Saved entries:
────────────────────

(* Let $f\in C(\mathbb{R}^2)$ be $\kappa$-Lipschitz and satisfy $f(r+l,\tau+k)=f(r,\tau)$ for all $(l,k)\in\mathbb{Z}^2$, and let $v(\tau;c)$ be the solution of $\dot v=f(v,\tau)$, $\tau>0$, $v(0)=c$. Then for all $\sigma,l,t>0$ and all $c\in\mathbb{R}$, \[v((\sigma+l)t;(\sigma+l)c)\le v(\sigma t;\sigma c)+v(lt;lc)+2(\|f\|_\infty+1).\] *)

From Stdlib Require Import Reals.
From Coquelicot Require Import Coquelicot.
Open Scope R_scope.

Definition lipschitz2 (kappa : R) (f : R -> R -> R) : Prop :=
  forall x1 t1 x2 t2 : R,
    Rabs (f x1 t1 - f x2 t2) <= kappa * sqrt ((x1 - x2) ^ 2 + (t1 - t2) ^ 2).

Definition periodic_Z2 (f : R -> R -> R) : Prop :=
  forall (r tau : R) (l k : Z), f (r + IZR l) (tau + IZR k) = f r tau.

(* ||f||_oo = sup over R^2 of |f| (as a real; finite for continuous periodic f). *)
Definition sup_norm (f : R -> R -> R) : R :=
  real (Lub_Rbar (fun y => exists x t, y = Rabs (f x t))).

Definition is_solution_family (f : R -> R -> R) (v : R -> R -> R) : Prop :=
  forall c : R,
    v 0 c = c /\
    filterlim (fun s => v s c) (at_right 0) (locally c) /\
    (forall tau, 0 < tau -> is_derive (fun s => v s c) tau (f (v tau c) tau)).

From Stdlib Require Import Reals Lra Lia.
From Coquelicot Require Import Coquelicot.
Open Scope R_scope.

(* Since f is 1-periodic in both variables, s |-> v(s - m; c') + j is again a
   solution for all integers m, j, and the comparison principle for the
   Lipschitz equation turns an ordering of values at one time into an ordering
   at all later times.  With m = floor(sigma t), the solution started at
   (sigma + l) c stays below v(.; sigma c) + ceil(l c) on [0, m], and below
   v(. - m; l c) + j on [m, (sigma + l) t], where j is an integer with
   v(m; (sigma + l) c) <= l c + j <= v(m; (sigma + l) c) + 1.  The two integer
   roundings cost at most 1 each, and the time mismatch sigma t - m < 1, met
   twice, costs at most ||f||_oo each time because |dv/dtau| <= ||f||_oo. *)

Definition right_continuous (g : R -> R) (t0 : R) : Prop :=
  filterlim g (at_right t0) (locally (g t0)).

Lemma is_derive_right_continuous (g : R -> R) (x l : R) :
  is_derive g x l -> right_continuous g x.
Proof.
  intros Hd. apply (filterlim_filter_le_1 g (filter_le_within (F := locally x) _)).
  exact (ex_derive_continuous g x (ex_intro _ l Hd)).
Qed.

Lemma right_continuous_plus (g1 g2 : R -> R) (t0 : R) :
  right_continuous g1 t0 -> right_continuous g2 t0 ->
  right_continuous (fun x => g1 x + g2 x) t0.
Proof.
  intros H1 H2. exact (filterlim_comp_2 g1 g2 plus H1 H2 (filterlim_plus _ _)).
Qed.

Lemma right_continuous_opp (g : R -> R) (t0 : R) :
  right_continuous g t0 -> right_continuous (fun x => - g x) t0.
Proof. intros H. exact (filterlim_comp _ _ _ g opp _ _ _ H (filterlim_opp _)). Qed.

Lemma right_continuous_mult (g1 g2 : R -> R) (t0 : R) :
  right_continuous g1 t0 -> right_continuous g2 t0 ->
  right_continuous (fun x => g1 x * g2 x) t0.
Proof.
  intros H1 H2. exact (filterlim_comp_2 g1 g2 mult H1 H2 (filterlim_mult _ _)).
Qed.

Lemma right_continuous_const (a t0 : R) : right_continuous (fun _ => a) t0.
Proof. apply filterlim_const. Qed.

Lemma right_continuous_shift (g : R -> R) (m : R) :
  right_continuous g 0 -> right_continuous (fun s => g (s - m)) m.
Proof.
  intros H P HP. unfold right_continuous in H.
  rewrite Rminus_diag in HP. destruct (H P HP) as [eps Heps].
  exists eps. intros y Hy Hmy. apply Heps; [|lra].
  change (Rabs (y - m - 0) < eps). rewrite Rminus_0_r. exact Hy.
Qed.

Lemma mvt_right_continuous (g D : R -> R) (a b K : R) :
  a < b -> right_continuous g a ->
  (forall x, a < x <= b -> is_derive g x (D x)) ->
  (forall x, a < x <= b -> D x <= K) ->
  g b - g a <= K * (b - a).
Proof.
  intros Hab Hrc Hd HD.
  assert (Hinner : forall u, a < u < b -> g b - K * (b - a) <= g u + - (K * (u - a))).
  { intros u Hu.
    destruct (MVT_gen g u b D) as [x [Hx Hmvt]];
      rewrite ?Rmin_left, ?Rmax_right in * by lra.
    - intros x Hx. apply Hd; lra.
    - intros x Hx. apply continuity_pt_filterlim, (ex_derive_continuous g x).
      exists (D x). apply Hd; lra.
    - assert (D x <= K) by (apply HD; lra).
      assert (D x * (b - u) <= K * (b - u)) by (apply Rmult_le_compat_r; lra).
      lra. }
  assert (Hlim : right_continuous (fun u => g u + - (K * (u - a))) a).
  { apply right_continuous_plus; [exact Hrc|].
    apply (is_derive_right_continuous _ _ (- (K * 1))). auto_derive; auto; ring. }
  enough (g b - K * (b - a) <= g a + - (K * (a - a))) by lra.
  apply (closed_filterlim_loc (F := at_right a) _ (fun y => g b - K * (b - a) <= y) _ Hlim).
  - exists (mkposreal _ (proj2 (Rlt_0_minus a b) Hab)). intros u Hu Hau.
    apply Hinner. split; [exact Hau|].
    change (Rabs (u - a) < b - a) in Hu. apply Rabs_def2 in Hu. lra.
  - apply closed_ge.
Qed.

Lemma lub_nonpos_of_continuous (g : R -> R) (E : R -> Prop) (s : R) :
  is_lub E s -> (forall x, E x -> g x <= 0) ->
  filterlim g (locally s) (locally (g s)) -> g s <= 0.
Proof.
  intros [Hub Hleast] HE Hc.
  apply Rnot_lt_le; intros Hpos.
  destruct (Hc _ (open_gt 0 (g s) Hpos)) as [eps Heps].
  assert (Hbound : s <= s - eps / 2).
  { apply Hleast. intros x Ex.
    apply Rnot_lt_le; intros Hx.
    assert (x <= s) by (apply Hub; exact Ex).
    assert (0 < g x).
    { apply Heps. change (Rabs (x - s) < eps).
      rewrite Rabs_left1 by lra. destruct eps; simpl in *; lra. }
    specialize (HE x Ex). lra. }
  destruct eps; simpl in *; lra.
Qed.

Lemma differential_inequality_nonpos (g D : R -> R) (kappa t0 T : R) :
  t0 <= T -> right_continuous g t0 ->
  (forall x, t0 < x <= T -> is_derive g x (D x)) ->
  (forall x, t0 < x <= T -> 0 < g x -> D x <= kappa * g x) ->
  g t0 <= 0 -> g T <= 0.
Proof.
  intros HT Hrc Hd HD H0.
  apply Rnot_lt_le; intros HgT.
  set (E := fun x => t0 <= x <= T /\ g x <= 0).
  destruct (completeness E) as [s Hs].
  { exists T. intros x Ex. apply Ex. }
  { exists t0. split; [lra | exact H0]. }
  pose proof Hs as [Hub Hleast].
  assert (Hts : t0 <= s <= T).
  { split; [apply Hub; split; [lra | exact H0] | apply Hleast; intros x Ex; apply Ex]. }
  assert (Hrcs : right_continuous g s).
  { destruct (Req_dec s t0) as [-> | Hne]; [exact Hrc |].
    apply (is_derive_right_continuous g s (D s)), Hd; lra. }
  assert (Hgs : g s <= 0).
  { destruct (Req_dec s t0) as [-> | Hne]; [exact H0 |].
    apply (lub_nonpos_of_continuous g E s Hs); [intros x Ex; apply Ex |].
    exact (ex_derive_continuous g s (ex_intro _ (D s) (Hd s ltac:(lra)))). }
  (* Past the last point s where g <= 0, D <= kappa g makes exp(-kappa x) g x
     nonincreasing, so it cannot climb from g s <= 0 to g T > 0. *)
  assert (Hpos : forall x, s < x <= T -> 0 < g x).
  { intros x Hx. apply Rnot_le_lt; intros Hgx.
    assert (x <= s) by (apply Hub; split; [lra | exact Hgx]). lra. }
  assert (HsT : s < T) by (destruct (Req_dec s T) as [-> |]; lra).
  set (h := fun x => exp (- kappa * x) * g x).
  assert (Hexp : forall x, is_derive (fun x => exp (- kappa * x)) x (- kappa * exp (- kappa * x))).
  { intros x. auto_derive; auto; ring. }
  assert (Hdecr : h T - h s <= 0 * (T - s)).
  { apply (mvt_right_continuous h (fun x => exp (- kappa * x) * (D x - kappa * g x)));
      [exact HsT | | |].
    - apply right_continuous_mult; [|exact Hrcs].
      exact (is_derive_right_continuous _ _ _ (Hexp s)).
    - intros x Hx.
      replace (exp (- kappa * x) * (D x - kappa * g x))
        with (plus (mult (- kappa * exp (- kappa * x)) (g x)) (mult (exp (- kappa * x)) (D x)))
        by (unfold plus, mult; simpl; ring).
      apply (is_derive_mult (fun x => exp (- kappa * x)) g); [apply Hexp | apply Hd; lra | intros; apply Rmult_comm].
    - intros x Hx.
      assert (D x <= kappa * g x) by (apply HD; [lra | apply Hpos; exact Hx]).
      pose proof (exp_pos (- kappa * x)). nra. }
  assert (0 < h T) by (apply Rmult_lt_0_compat; [apply exp_pos | exact HgT]).
  assert (h s <= 0) by (pose proof (exp_pos (- kappa * s)); unfold h; nra).
  lra.
Qed.

Lemma ode_comparison (F : R -> R -> R) (kappa : R) (y1 y2 : R -> R) (t0 T : R) :
  (forall x y t, Rabs (F x t - F y t) <= kappa * Rabs (x - y)) ->
  t0 <= T -> right_continuous y1 t0 -> right_continuous y2 t0 ->
  (forall x, t0 < x <= T -> is_derive y1 x (F (y1 x) x)) ->
  (forall x, t0 < x <= T -> is_derive y2 x (F (y2 x) x)) ->
  y1 t0 <= y2 t0 -> y1 T <= y2 T.
Proof.
  intros HF HT R1 R2 D1 D2 H0.
  enough (y1 T - y2 T <= 0) by lra.
  apply (differential_inequality_nonpos (fun x => y1 x - y2 x)
           (fun x => F (y1 x) x - F (y2 x) x) kappa t0 T HT).
  - exact (right_continuous_plus _ _ _ R1 (right_continuous_opp _ _ R2)).
  - intros x Hx. apply (is_derive_minus y1 y2); [apply D1 | apply D2]; exact Hx.
  - intros x _ Hx. rewrite <- (Rabs_right (y1 x - y2 x)) by lra.
    eapply Rle_trans; [apply Rle_abs | apply HF].
  - lra.
Qed.

Lemma lipschitz2_fst (kappa : R) (f : R -> R -> R) :
  lipschitz2 kappa f -> forall x y t, Rabs (f x t - f y t) <= kappa * Rabs (x - y).
Proof.
  intros Hlip x y t. specialize (Hlip x t y t).
  replace ((x - y) ^ 2 + (t - t) ^ 2) with (Rsqr (x - y)) in Hlip by (unfold Rsqr; ring).
  rewrite sqrt_Rsqr_abs in Hlip. exact Hlip.
Qed.

Lemma periodic_lipschitz2_bounded (kappa : R) (f : R -> R -> R) :
  lipschitz2 kappa f -> periodic_Z2 f -> exists B, forall x t, Rabs (f x t) <= B.
Proof.
  intros Hlip Hper. exists (Rabs (f 0 0) + 2 * Rabs kappa). intros x t.
  assert (Hcell : f x t = f (frac_part x) (frac_part t)).
  { rewrite <- (Hper (frac_part x) (frac_part t) (Int_part x) (Int_part t)).
    f_equal; unfold frac_part; ring. }
  rewrite Hcell. pose proof (base_fp x). pose proof (base_fp t).
  set (p := frac_part x) in *. set (q := frac_part t) in *.
  assert (Hdist : sqrt ((p - 0) ^ 2 + (q - 0) ^ 2) <= 2).
  { rewrite <- (sqrt_square 2) by lra. apply sqrt_le_1_alt. nra. }
  pose proof (Hlip p q 0 0). pose proof (sqrt_pos ((p - 0) ^ 2 + (q - 0) ^ 2)).
  pose proof (Rle_abs kappa). pose proof (Rabs_pos kappa).
  replace (f p q) with ((f p q - f 0 0) + f 0 0) by ring.
  eapply Rle_trans; [apply Rabs_triang | nra].
Qed.

Lemma Rabs_le_sup_norm (f : R -> R -> R) :
  (exists B, forall x t, Rabs (f x t) <= B) -> forall x t, Rabs (f x t) <= sup_norm f.
Proof.
  intros [B HB] x t. unfold sup_norm.
  destruct (Lub_Rbar_correct (fun y => exists x t, y = Rabs (f x t))) as [Hub Hleast].
  assert (Hle : Rbar_le (Lub_Rbar (fun y => exists x t, y = Rabs (f x t))) B).
  { apply Hleast. intros y [x' [t' ->]]. apply HB. }
  assert (Hge : Rbar_le (Rabs (f x t)) (Lub_Rbar (fun y => exists x t, y = Rabs (f x t)))).
  { apply Hub. exists x, t. reflexivity. }
  destruct (Lub_Rbar _); simpl in *; tauto.
Qed.

Section SolutionFamily.

Variables (f v : R -> R -> R) (kappa : R).
Hypothesis Hv : is_solution_family f v.
Hypothesis Hper : periodic_Z2 f.
Hypothesis Hlip : lipschitz2 kappa f.

Lemma solution_right_continuous (c t0 : R) :
  0 <= t0 -> right_continuous (fun s => v s c) t0.
Proof.
  intros Ht0. destruct (Hv c) as [H0 [Hlim Hd]].
  destruct (Req_dec t0 0) as [-> | Hne].
  - unfold right_continuous. rewrite H0. exact Hlim.
  - exact (is_derive_right_continuous _ _ _ (Hd t0 ltac:(lra))).
Qed.

Lemma solution_increment_bound (M c t0 T : R) :
  (forall x t, Rabs (f x t) <= M) -> 0 <= t0 <= T ->
  Rabs (v T c - v t0 c) <= M * (T - t0).
Proof.
  intros HM HT.
  destruct (Req_dec t0 T) as [<- | Hne].
  { rewrite !Rminus_diag, Rabs_R0. lra. }
  destruct (Hv c) as [_ [_ Hd]].
  assert (Hrc := solution_right_continuous c t0 (proj1 HT)).
  apply Rabs_le_between. split.
  - enough (- v T c - - v t0 c <= M * (T - t0)) by lra.
    apply (mvt_right_continuous (fun s => - v s c) (fun x => - f (v x c) x));
      [lra | exact (right_continuous_opp _ _ Hrc) | |].
    + intros x Hx. apply (is_derive_opp (fun s => v s c)), Hd. lra.
    + intros x _. pose proof (HM (v x c) x). rewrite <- Rabs_Ropp in *.
      pose proof (Rle_abs (- f (v x c) x)). lra.
  - apply (mvt_right_continuous (fun s => v s c) (fun x => f (v x c) x));
      [lra | exact Hrc | |].
    + intros x Hx. apply Hd. lra.
    + intros x _. pose proof (HM (v x c) x). pose proof (Rle_abs (f (v x c) x)). lra.
Qed.

Lemma solution_translate_is_derive (m j : Z) (c x : R) :
  IZR m < x ->
  is_derive (fun s => v (s - IZR m) c + IZR j) x (f (v (x - IZR m) c + IZR j) x).
Proof.
  intros Hx. destruct (Hv c) as [_ [_ Hd]].
  assert (Hval : f (v (x - IZR m) c + IZR j) x = f (v (x - IZR m) c) (x - IZR m)).
  { rewrite <- (Hper (v (x - IZR m) c) (x - IZR m) j m). f_equal. ring. }
  rewrite Hval, <- (Rplus_0_r (f _ _)).
  apply (is_derive_plus (fun s => v (s - IZR m) c) (fun _ => IZR j));
    [| auto_derive; auto].
  rewrite <- (Rmult_1_l (f _ _)).
  apply (is_derive_comp (fun s => v s c) (fun s => s - IZR m)).
  - apply Hd. lra.
  - auto_derive; auto.
Qed.

Lemma solution_le_translate (m j : Z) (c c' T : R) :
  0 <= IZR m <= T -> v (IZR m) c <= c' + IZR j ->
  v T c <= v (T - IZR m) c' + IZR j.
Proof.
  intros HmT Hstart.
  apply (ode_comparison f kappa (fun s => v s c) (fun s => v (s - IZR m) c' + IZR j)
           (IZR m) T (lipschitz2_fst _ _ Hlip)); [lra | | | | |].
  - apply solution_right_continuous. lra.
  - apply right_continuous_plus; [| apply right_continuous_const].
    apply (right_continuous_shift (fun s => v s c')), solution_right_continuous, Rle_refl.
  - intros x Hx. apply (proj2 (proj2 (Hv c))). lra.
  - intros x Hx. apply solution_translate_is_derive. lra.
  - rewrite Rminus_diag, (proj1 (Hv c')). exact Hstart.
Qed.

Lemma solution_almost_subadditive (a b c1 c2 : R) :
  0 < a -> 0 < b ->
  v (a + b) (c1 + c2) <= v a c1 + v b c2 + 2 * (sup_norm f + 1).
Proof.
  intros Ha Hb.
  set (M := sup_norm f).
  assert (HM : forall x t, Rabs (f x t) <= M).
  { apply Rabs_le_sup_norm, (periodic_lipschitz2_bounded kappa); assumption. }
  assert (HM0 : 0 <= M) by (eapply Rle_trans; [apply Rabs_pos | apply (HM 0 0)]).
  destruct (base_Int_part a) as [Hma Ham]. set (m := Int_part a) in *.
  assert (Hm0 : 0 <= IZR m).
  { apply IZR_le. assert (-1 < m)%Z by (apply lt_IZR; simpl; lra). lia. }
  destruct (archimed c2) as [Hk1 Hk2]. set (k := up c2) in *.
  assert (Hmid : v (IZR m) (c1 + c2) <= v (IZR m) c1 + IZR k).
  { pose proof (solution_le_translate 0 k (c1 + c2) c1 (IZR m)) as Hcmp.
    rewrite Rminus_0_r in Hcmp. apply Hcmp; [lra |].
    rewrite (proj1 (Hv _)). lra. }
  destruct (archimed (v (IZR m) (c1 + c2) - c2)) as [Hj1 Hj2].
  set (j := up (v (IZR m) (c1 + c2) - c2)) in *.
  assert (Hend : v (a + b) (c1 + c2) <= v (a + b - IZR m) c2 + IZR j).
  { apply solution_le_translate; lra. }
  pose proof (solution_increment_bound M c1 (IZR m) a HM ltac:(lra)) as Hfirst.
  pose proof (solution_increment_bound M c2 b (a + b - IZR m) HM ltac:(lra)) as Hsecond.
  apply Rabs_le_between' in Hfirst, Hsecond.
  replace (a + b - IZR m - b) with (a - IZR m) in Hsecond by ring.
  assert (M * (a - IZR m) <= M * 1) by (apply Rmult_le_compat_l; lra).
  lra.
Qed.

End SolutionFamily.

Theorem lemma2p1 (f : R -> R -> R) (kappa : R) (v : R -> R -> R)
  (Hlip : lipschitz2 kappa f) (Hper : periodic_Z2 f)
  (Hv : is_solution_family f v) :
  forall sigma l t c : R, 0 < sigma -> 0 < l -> 0 < t ->
    v ((sigma + l) * t) ((sigma + l) * c)
    <= v (sigma * t) (sigma * c) + v (l * t) (l * c) + 2 * (sup_norm f + 1).
Proof.
  intros sigma l t c Hs Hl Ht.
  replace ((sigma + l) * t) with (sigma * t + l * t) by ring.
  replace ((sigma + l) * c) with (sigma * c + l * c) by ring.
  apply (solution_almost_subadditive f v kappa); try assumption;
    apply Rmult_lt_0_compat; assumption.
Qed.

────────────────────

Directions:
The lines of the records that contain the string "Hper" should be located and copied.

Output:
  intros Hlip Hper. exists (Rabs (f 0 0) + 2 * Rabs kappa). intros x t.
  { rewrite <- (Hper (frac_part x) (frac_part t) (Int_part x) (Int_part t)).
Hypothesis Hper : periodic_Z2 f.
  { rewrite <- (Hper (v (x - IZR m) c) (x - IZR m) j m). f_equal. ring. }
  (Hlip : lipschitz2 kappa f) (Hper : periodic_Z2 f)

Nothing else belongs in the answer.